Coby looked up at the sun. “Yah, it look like it's time for tea. You come for tea? I made cheese!”
“Oh, kaas!” I said, showing off one of the Dutch words that I was learning along with Simon.
“Goed!” said Coby.
“And boom” I said, pointing to a tree. “Wolken,” I said pointing up at the wispy clouds floating on the deep blue sky.
“Zeer goed!” Coby pronounced. “So come for tea and more Dutch lessons.”
“I'm free as a bird until it's badminton and cocktails time. I was just going to go over to John's bank.”
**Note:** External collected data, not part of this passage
Definition generates (G : seq nat) (S : nat -> bool) : Prop :=
  forall n, S n <-> in_span G n.

Definition minimal_generating_set (G : seq nat) (S : nat -> bool) : Prop :=
  uniq G /\ generates G S /\
  (forall G' : seq nat, {subset G' <= G} -> generates G' S -> {subset G <= G'}).

Definition embedding_dimension_is (S : nat -> bool) (k : nat) : Prop :=
  exists G : seq nat, minimal_generating_set G S /\ size G = k.

(* c is the conductor of S: max(N \ S) + 1, or 0 if S = N. *)
Definition is_conductor (S : nat -> bool) (c : nat) : Prop :=
  (forall m, c <= m -> S m) /\ (0 < c -> ~~ S c.-1).

Definition cprime (S : nat -> bool) (c : nat) : nat := count S (iota 0 c).

From mathcomp Require Import all_boot.
From mathcomp Require Import zify.
From Stdlib Require Import Reals Lra Psatz.
From Stdlib Require Import IndefiniteDescription.
(* Stdlib's Reals rebinds [^] on nat; reinstate ssrnat's notations. *)
Import ssrnat.
Set Implicit Arguments. Unset Strict Implicit. Unset Printing Implicit Defensive.

(* Let S be a numerical semigroup generated by a list G of k numbers, let m be
   its multiplicity (least positive generator) and c its conductor.  For each
   residue r mod m let w(r) be the Apery element: the least element of S that
   is congruent to r.  Then w(r) < c + m, and a summand of an Apery element is
   again an Apery element.  Writing w(r) = sum_i x_i(r) g_i and removing copies
   of g_i one at a time therefore yields x_i(r) distinct Apery elements, all
   above w(r); counting these gives sum_r x_i(r) g_i <= sum_r (c + m - w(r)).
   Since m itself never occurs in an Apery representation, summing over the
   k - 1 other generators gives sum_r w(r) <= (k-1) sum_r (c + m - w(r)),
   while the elements w(r) + j m below c show c' >= sum_r (c - w(r)) / m.
   Together these yield c <= k c' + 2 k m (Lemma conductor_le).  Injectivity
   of r |-> (bounded) coefficient vector gives m <= ((c + m)/m + 1)^k
   (Lemma mult_le_pow), so m is o(c) as c grows; the finitely many semigroups
   of small conductor are the exceptions, and for the others c'/c > 1/k - eps. *)

Definition index_pairs (m : nat) (a : nat -> nat) (j0 : nat) : seq (nat * nat) :=
  [seq (r, j) | r <- iota 0 m, j <- iota j0 (a r)].

Lemma mem_index_pairs m a j0 r j :
  ((r, j) \in index_pairs m a j0) = (r < m) && (j0 <= j < j0 + a r).
Proof.
apply/allpairsPdep/andP => [[r' [j' [hr hj [-> ->]]]]|[hr hj]].
  by move: hr hj; rewrite !mem_iota.
by exists r, j; rewrite !mem_iota.
Qed.

Lemma size_index_pairs m a j0 : size (index_pairs m a j0) = \sum_(r < m) a r.
Proof.
rewrite size_allpairs_dep sumnE big_map -(big_mkord xpredT) /index_iota subn0.
by apply: eq_bigr => r _; rewrite size_iota.
Qed.

Lemma uniq_index_pairs m a j0 : uniq (index_pairs m a j0).
Proof.
apply: allpairs_uniq_dep; [exact: iota_uniq | by move=> r _; apply: iota_uniq |].
by move=> [r1 j1] [r2 j2] _ _ /= [-> ->].
Qed.

Lemma sum_le_size_inj (T : eqType) m a j0 (f : nat * nat -> T) (t : seq T) :
  {in index_pairs m a j0 &, injective f} ->
  (forall r j, r < m -> j0 <= j < j0 + a r -> f (r, j) \in t) ->
  \sum_(r < m) a r <= size t.
Proof.
move=> f_inj f_into; rewrite -(size_index_pairs m a j0) -(size_map f).
apply: uniq_leq_size; first by rewrite map_inj_in_uniq ?uniq_index_pairs.
move=> z /mapP [[r j] hrj ->]; move: hrj; rewrite mem_index_pairs => /andP [hr hj].
exact: f_into.
Qed.

(* Throughout, S is an additive set generated by G (of size k) containing
   every n >= c; no minimality of G or exactness of c is needed. *)
Section AperySet.

Variables (S : nat -> bool) (G : seq nat) (c : nat).
Hypothesis S_add : forall a b, S a -> S b -> S (a + b).
Hypothesis S_gen : generates G S.
Hypothesis S_ge_c : forall n, c <= n -> S n.

Local Notation k := (size G).

Lemma S_comb (x : seq nat) : S (\sum_(i < k) nth 0 x i * nth 0 G i).
Proof.
apply/S_gen; exists (mkseq (nth 0 x) k); rewrite size_mkseq; split=> //.
by apply: eq_bigr => i _; rewrite nth_mkseq.
Qed.

Lemma S_mul_gen (i : 'I_k) j : S (j * nth 0 G i).
Proof.
have := S_comb (mkseq (fun l => if l == i then j else 0) k).
rewrite (bigD1 i) //= big1 ?addn0 ?nth_mkseq ?eqxx // => l /negbTE hl.
by rewrite nth_mkseq // (hl : (l == i :> nat) = false) mul0n.
Qed.

(* Some generator is positive, since S contains c + 1. *)
Lemma exists_pos_gen : exists n, (0 < n) && (n \in G).
Proof.
case: (boolP (has (fun n => 0 < n) G)) => [/hasP [n nG np]|/hasPn noPos].
  by exists n; rewrite np nG.
have /S_gen [x [_]] := S_ge_c (leqnSn c).
rewrite big1 // => i _.
by have /noPos := mem_nth 0 (ltn_ord i); rewrite lt0n negbK => /eqP ->; rewrite muln0.
Qed.

Definition multiplicity : nat := ex_minn exists_pos_gen.
Local Notation m := multiplicity.

Lemma multP : [/\ 0 < m, m \in G & forall n, 0 < n -> n \in G -> m <= n].
Proof.
rewrite /m; case: ex_minnP => n /andP [np nG] nmin; split=> // n' n'0 n'G.
by apply: nmin; rewrite n'0 n'G.
Qed.

Lemma mult_gt0 : 0 < m. Proof. by case: multP. Qed.
Lemma mult_in_G : m \in G. Proof. by case: multP. Qed.

Definition mult_idx : 'I_k := Ordinal (etrans (index_mem m G) mult_in_G).

Lemma nth_mult_idx : nth 0 G mult_idx = m.
Proof. by rewrite /= nth_index // mult_in_G. Qed.

(* Every residue class mod m meets S (at c m + r mod m). *)
Lemma exists_in_class r : exists n, S n && (n %% m == r %% m).
Proof.
exists (c * m + r %% m); rewrite modnMDl modn_mod eqxx andbT.
by apply: S_ge_c; rewrite (leq_trans _ (leq_addr _ _)) // leq_pmulr // mult_gt0.
Qed.

Definition apery (r : nat) : nat := ex_minn (exists_in_class r).

Lemma aperyP r : [/\ S (apery r), apery r %% m = r %% m &
  forall n, S n -> n %% m = r %% m -> apery r <= n].
Proof.
rewrite /apery; case: ex_minnP => n /andP [Sn /eqP nm] nmin; split=> // n' h1 h2.
by apply: nmin; rewrite h1 h2 eqxx.
Qed.

Lemma apery_in r : S (apery r). Proof. by case: (aperyP r). Qed.
Lemma apery_mod r : apery r %% m = r %% m. Proof. by case: (aperyP r). Qed.
Lemma apery_min r n : S n -> n %% m = r %% m -> apery r <= n.
Proof. by case: (aperyP r) => _ _; apply. Qed.

Lemma apery_inj r1 r2 : r1 < m -> r2 < m -> apery r1 = apery r2 -> r1 = r2.
Proof.
move=> h1 h2 e; rewrite -(modn_small h1) -(modn_small h2).
by rewrite -apery_mod e apery_mod.
Qed.

(* Apery elements lie below c + m: otherwise w(r) - m >= c would be a smaller
   element of S in the same class. *)
Lemma apery_lt r : apery r < c + m.
Proof.
rewrite ltnNge; apply/negP => big.
have hm : m <= apery r by apply: leq_trans big; apply: leq_addl.
have : apery r <= apery r - m.
  apply: apery_min; first by apply: S_ge_c; rewrite leq_subRL // addnC.
  by rewrite -(apery_mod r) -{2}(subnK hm) modnDr.
by rewrite leqNgt ltn_subrL mult_gt0 (leq_trans mult_gt0 hm).
Qed.

Lemma apery_summand r v s :
  S v -> S s -> apery r = v + s -> apery (v %% m) = v.
Proof.
move=> Sv Ss e; apply/eqP; rewrite eqn_leq apery_min ?modn_mod //=.
rewrite leqNgt; apply/negP => lt_av.
have : apery r <= apery (v %% m) + s.
  apply: apery_min; first by apply: S_add => //; apply: apery_in.
  by rewrite -(apery_mod r) e -modnDml apery_mod modn_mod modnDml.
by rewrite leqNgt e ltn_add2r lt_av.
Qed.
“Are you going to open an account?” she aske
d.
“No. I just wanted to look in the mirror!” The inside of the bank was decorated in a modern, Italian style, right down to the mirrors on the walls. We put our tennis rackets in their cases and were quickly surrounded by a scruffy assortment of small boys and girls, waving our errant tennis balls at us. I collected the balls and handed each child twenty-five shillings.
“Tomorrow?” one of the boys chirped. “You play again tomorrow?” he asked.
“Yes,” I said as we left the tennis court. “We will probably play again tomorrow.”
“Okay!” he shouted. “Bye-bye,” he said, and the rest of the kids echoed him from the tennis court.
“It's a good life, yah?” Coby asked as we walked through the field toward the road.
“Yah,” I had to agree. “It is. I guess. Weird, though.”
“Not working, you mean? I know.” Coby had worked when she and Bernard were in Nicaragua. But in Arua she was the “tagalong spouse,” like me. “I haven't given up looking for work yet. I still go over to Kuluva Hospital every week. But I am not so hopeful about it anymore,” she said, shrugging.
“And this,” I said, turning around and waving at the phalanx of kids following a few feet behind us. “All these people wanting to do stuff for us. All these people wanting something from us. It's just weird.”
“Yah, you'll get used to it. I think I got used to it from being in Nicaragua. Now Arua doesn't seem quite so strange.” We came to the edge of the field and stepped onto the dirt road. The children behind us scattered as we headed toward Coby's compound on the other side of the road. “You know what helped me?” Coby asked. “Having Simon. I know it sounds silly, because he hardly needs me. He has so many people to look after him. But becoming a mother made me feel, somehow, less useless.”
“Yeah, I've thought about it. John and I always planned on having kids. But back home I was too busy with school and my career. Well, I seem to have solved my busyness problem!” I said as we reached Coby's gate and a barechested askari jumped up to open it for us.